# TO DO
What lines of the data below hold "From"? Show them.

# DATASET CONTENT
(* Let $(S,\le)$ be a continuous dcwo. For any Scott-closed subset $F$ of $S$, the set $\operatorname{Max}F$ of maximal elements of $F$ is finite and $F=\downarrow\operatorname{Max}F$.
   Context: A continuous dcwo is a partial order $(S,\le)$ which is well (well-founded, no infinite antichain), a dcpo (every directed subset $D$, i.e. nonempty with pairwise upper bounds in $D$, has a least upper bound), and continuous (for every $x$, $\{y\mid y\ll x\}$ is directed with lub $x$, where $y\ll x$ iff every directed $D$ with $x\le\bigvee D$ contains an element $z\ge y$). A set is Scott-open if it is upward-closed and meets every directed set whose lub it contains; Scott-closed sets are complements of Scott-open sets. *)

From Stdlib Require Import List.

Section Dcwo.
Context {S : Type} (le : S -> S -> Prop).

Definition is_partial_order : Prop :=
  (forall x, le x x) /\
  (forall x y, le x y -> le y x -> x = y) /\
  (forall x y z, le x y -> le y z -> le x z).

Definition lt_of (x y : S) : Prop := le x y /\ x <> y.

Definition finite_set (A : S -> Prop) : Prop :=
  exists l : list S, forall x, A x -> In x l.

Definition antichain (A : S -> Prop) : Prop :=
  forall x y, A x -> A y -> le x y -> x = y.

Definition well_order_po : Prop :=
  well_founded lt_of /\ (forall A, antichain A -> finite_set A).

Definition directed (D : S -> Prop) : Prop :=
  (exists x, D x) /\
  (forall x y, D x -> D y -> exists z, D z /\ le x z /\ le y z).

Definition is_lub (D : S -> Prop) (s : S) : Prop :=
  (forall d, D d -> le d s) /\ (forall u, (forall d, D d -> le d u) -> le s u).

Definition dcpo : Prop :=
  forall D, directed D -> exists s, is_lub D s.

Definition way_below (y x : S) : Prop :=
  forall D s, directed D -> is_lub D s -> le x s -> exists z, D z /\ le y z.

Definition continuous_po : Prop :=
  forall x, directed (fun y => way_below y x) /\ is_lub (fun y => way_below y x) x.

Definition continuous_dcwo : Prop :=
  is_partial_order /\ well_order_po /\ dcpo /\ continuous_po.

Definition scott_open (U : S -> Prop) : Prop :=
  (forall x y, U x -> le x y -> U y) /\
  (forall D s, directed D -> is_lub D s -> U s -> exists d, D d /\ U d).

Definition scott_closed (F : S -> Prop) : Prop :=
  scott_open (fun x => ~ F x).

Definition MaxSet (F : S -> Prop) : S -> Prop :=
  fun x => F x /\ forall y, F y -> le x y -> y = x.

Definition down_set (A : S -> Prop) : S -> Prop :=
  fun x => exists m, A m /\ le x m.

End Dcwo.

From Stdlib Require Import List Classical.
From mathcomp Require Import ssreflect ssrfun ssrbool.
From mathcomp Require Import boolp classical_sets.

(* Maximal elements of F form an antichain, so there are finitely many.
   Every x in F lies below one of them by Zorn's lemma applied to the part of F
   above x: a nonempty chain there is directed, and its lub stays in F because
   Scott-closed sets are closed under directed lubs.  Conversely F is a lower
   set, so it contains everything below its maximal elements. *)

Section ScottClosed.
Variables (S : Type) (le : S -> S -> Prop).
Hypotheses (le_po : is_partial_order le) (le_dcpo : dcpo le).

Lemma scott_closed_down (F : S -> Prop) x y :
  scott_closed le F -> F y -> le x y -> F x.
Proof.
move=> [upC _] Fy xy; apply: NNPP => nFx.
exact: upC nFx xy Fy.
Qed.

Lemma scott_closed_lub (F : S -> Prop) (D : S -> Prop) s :
  scott_closed le F -> directed le D -> (forall d, D d -> F d) ->
  is_lub le D s -> F s.
Proof.
move=> [_ inaccC] Ddir DF Ds; apply: NNPP => nFs.
have [d [Dd nFd]] := inaccC D s Ddir Ds nFs.
exact/nFd/DF.
Qed.

Lemma chain_directed (D : S -> Prop) :
  (exists x, D x) -> total_on D le -> directed le D.
Proof.
move=> D0 Dtot; split=> // x y Dx Dy.
have [/= xy|yx] := Dtot x y Dx Dy.
- by exists y; split=> //; split=> //; apply: (proj1 le_po).
- by exists x; split=> //; split=> //; apply: (proj1 le_po).
Qed.

Lemma exists_MaxSet_above (F : S -> Prop) x :
  scott_closed le F -> F x -> exists m, MaxSet le F m /\ le x m.
Proof.
move: le_po => [le_refl [le_anti le_trans]] Fclosed Fx.
pose T := {y : S | F y /\ le x y}.
pose R (a b : T) := `[< le (sval a) (sval b) >].
have RE a b : R a b <-> le (sval a) (sval b) by rewrite /R asboolE.
have chain_ub (A : set T) : total_on A R -> exists t, forall a, A a -> R a t.
  move=> Atot; have [[a0 Aa0]|noA] := pselect (exists a, A a); last first.
    by exists (exist _ x (conj Fx (le_refl x))) => a Aa; case: noA; exists a.
  pose D y := exists2 a, A a & sval a = y.
  have Ddir : directed le D.
    apply: chain_directed; first by exists (sval a0), a0.
    by move=> _ _ [a Aa <-] [b Ab <-]; case: (Atot a b Aa Ab) => /RE; auto.
  have [s Ds] := le_dcpo D Ddir.
  have Fs : F s.
    by apply: scott_closed_lub Fclosed Ddir _ Ds => _ [a _ <-]; case: (svalP a).
  have xs : le x s.
    by apply: (le_trans x (sval a0)); [case: (svalP a0)|apply: (proj1 Ds); exists a0].
  by exists (exist _ s (conj Fs xs)) => a Aa; apply/RE/(proj1 Ds); exists a.
have [|||[m [Fm xm]] mmax] := @Zorn T R _ _ _ chain_ub.
- by move=> a; apply/RE.
- by move=> a b c /RE ab /RE bc; apply/RE; apply: le_trans bc.
- move=> [a Pa] [b Pb] /RE /= ab /RE /= ba.
  have eab : a = b by apply: le_anti.
  by subst b; congr exist; apply: Prop_irrelevance.
exists m; split=> //; split=> // y Fy my.
have xy : le x y by apply: le_trans my.
have ym : exist _ y (conj Fy xy) = exist _ m (conj Fm xm) :> T by apply/mmax/RE.
exact: (congr1 sval ym).
Qed.

Lemma antichain_MaxSet (F : S -> Prop) : antichain le (MaxSet le F).
Proof. by move=> a b [_ amax] [Fb _] ab; symmetry; apply: amax. Qed.

End ScottClosed.

Theorem lemma3p5 (S : Type) (le : S -> S -> Prop)
  (HS : continuous_dcwo le) (F : S -> Prop) (HF : scott_closed le F) :
  finite_set (MaxSet le F) /\ (forall x, F x <-> down_set le (MaxSet le F) x).
Proof.
have [le_po [[_ antichain_finite] [le_dcpo _]]] := HS.
split; first exact/antichain_finite/antichain_MaxSet.
move=> x; split; first exact: exists_MaxSet_above.
by move=> [m [[Fm _] xm]]; apply: scott_closed_down HF Fm xm.
Qed.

# OUTPUT FOR THIS EXERCISE
From Stdlib Require Import List.
From Stdlib Require Import List Classical.
From mathcomp Require Import ssreflect ssrfun ssrbool.
From mathcomp Require Import boolp classical_sets.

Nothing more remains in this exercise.